PROBLEM REQUIREMENTS: Identify all lines of the data containing the string "Scope" and copy them.

[DATASET Boundary: Start]

(* In the setting described in the context (BFL with Byzantine agents, under hypotheses (i) and (ii)), for every non-faulty agent $i\in\{1,\dots,n-\phi\}$ and every $\theta\neq\theta^*$, $$\frac{1}{t^2}\sum_{r=1}^{t}\Big(\sum_{j=1}^{n-\phi}\Phi_{ij}(t,r+1)\sum_{k=1}^{r}\mathcal{L}^j_k(\theta,\theta^* )-r\sum_{j=1}^{n-\phi}\pi_j(r+1)H_j(\theta,\theta^* )\Big)\longrightarrow 0\quad\text{almost surely as }t\to\infty.$$
   Context: Setting: $n$ agents on a directed graph $G=(\mathcal{V},\mathcal{E})$, $\mathcal{V}=\{1,\dots,n\}$, $\mathcal{I}_i$ the incoming neighbors of $i$; synchronous iterations $t=1,2,\dots$; an unknown set $\mathcal{F}$ of $\phi\le f$ Byzantine agents behaving arbitrarily (arbitrary, inconsistent messages, full knowledge, collusion); the non-faulty agents are indexed $1,\dots,n-\phi$; missing messages are replaced by a default value. Finite hypothesis set $\Theta=\{\theta_1,\dots,\theta_m\}$ with true state $\theta^*$. Agent $i$ has finite signal space $\mathcal{S}_i$ and likelihoods $\ell_i(\cdot\mid\theta)$ with full support; in iteration $t$ it observes $s_t^i\sim\ell_i(\cdot\mid\theta^* )$, independent across agents and iterations. $\ell_i(s_{1,t}^i\mid\theta)=\prod_{r=1}^t\ell_i(s_r^i\mid\theta)$. Define $\mathcal{L}^j_k(\theta,\theta^* )=\log\frac{\ell_j(s_k^j\mid\theta)}{\ell_j(s_k^j\mid\theta^* )}$ and $H_j(\theta,\theta^* )=\sum_{w\in\mathcal{S}_j}\ell_j(w\mid\theta^* )\log\frac{\ell_j(w\mid\theta)}{\ell_j(w\mid\theta^* )}=-D(\ell_j(\cdot\mid\theta^* )\|\ell_j(\cdot\mid\theta))$. An $m$-dimensional reduced graph of $G$ is obtained by removing all faulty nodes and their incident links and then, for each non-faulty node, removing up to $mf$ additional incoming links; a source component is a strongly connected component with no incoming links from outside it. Hypotheses: (i) every $m$-dimensional reduced graph of $G$ has a unique source component; (ii) for every $\theta\ne\theta^*$ and every $m$-dimensional reduced graph $\mathcal{H}$ with source component $\mathcal{S}_{\mathcal{H}}$, $\sum_{j\in\mathcal{S}_{\mathcal{H}}}D(\ell_j(\cdot\mid\theta^* )\|\ell_j(\cdot\mid\theta))\neq0$. Let $\chi$ be the number of $m$-dimensional reduced graphs of $G$. Algorithm BFL: One-Iter at agent $i$ with input $x^i\in\mathbb{R}^m$ transmits $x^i$, receives the multiset $R^i$ from incoming neighbors, forms $Z^i$ by adding, for every sub-multiset $C\subseteq R^i\cup\{x^i\}$ of size $(m+1)f+1$, a Tverberg point of $C$ (a point in $\bigcap_{k=1}^{f+1}\mathrm{Conv}(Y_k)$ for a partition of $C$ into $f+1$ nonempty parts with nonempty such intersection), and returns $\frac{1}{1+|Z^i|}(x^i+\sum_{z\in Z^i}z)$. BFL initializes $\mu_0^i$ uniform on $\Theta$ and in iteration $t$ sets $\eta_t^i=\text{One-Iter}(\log\mu_{t-1}^i)$, observes $s_t^i$, and sets $\mu_t^i(\theta)\propto\ell_i(s_{1,t}^i\mid\theta)\exp(\eta_t^i(\theta))$ (normalized over $\Theta$). Matrix representation (known property of One-Iter under hypothesis (i)): for each $t\ge1$ there is a (random) row-stochastic matrix $\mathbf{A}[t]\in\mathbb{R}^{(n-\phi)\times(n-\phi)}$ with $\eta_t^i(\theta)=\sum_{j=1}^{n-\phi}\mathbf{A}_{ij}[t]\log\mu_{t-1}^j(\theta)$ for all non-faulty $i$ and all $\theta$, and $\mathbf{A}[t]\ge\beta\mathbf{H}[t]$ entrywise for the adjacency matrix $\mathbf{H}[t]$ of some $m$-dimensional reduced graph, where $0<\beta\le1$ depends only on $G$. Let $\Phi(t,r)=\mathbf{A}[t]\mathbf{A}[t-1]\cdots\mathbf{A}[r]$ for $1\le r\le t$ and $\Phi(t,t+1)=\mathbf{I}$. Then $\lim_{t\to\infty}\Phi(t,r)=\mathbf{1}\pi(r)$ for a stochastic row vector $\pi(r)\in\mathbb{R}^{n-\phi}$, and $|\Phi_{ij}(t,r)-\pi_j(r)|\le(1-\beta^{\nu})^{\lceil (t-r+1)/\nu\rceil}$ for all $t\ge r\ge1$, where $\nu=\chi(n-\phi)$. $\Phi_{ij}$ and $\pi_j$ refer to these objects. *)

From HB Require Import structures.
From mathcomp Require Import all_boot all_order all_algebra.
From mathcomp Require Import all_classical all_reals all_analysis.
Set Implicit Arguments. Unset Strict Implicit. Unset Printing Implicit Defensive.
Import Order.TTheory GRing.Theory Num.Theory.
Local Open Scope ring_scope.
Local Open Scope classical_set_scope.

[DATASET Boundary: End]

ANSWER BOX:
Local Open Scope ring_scope.
Local Open Scope classical_set_scope.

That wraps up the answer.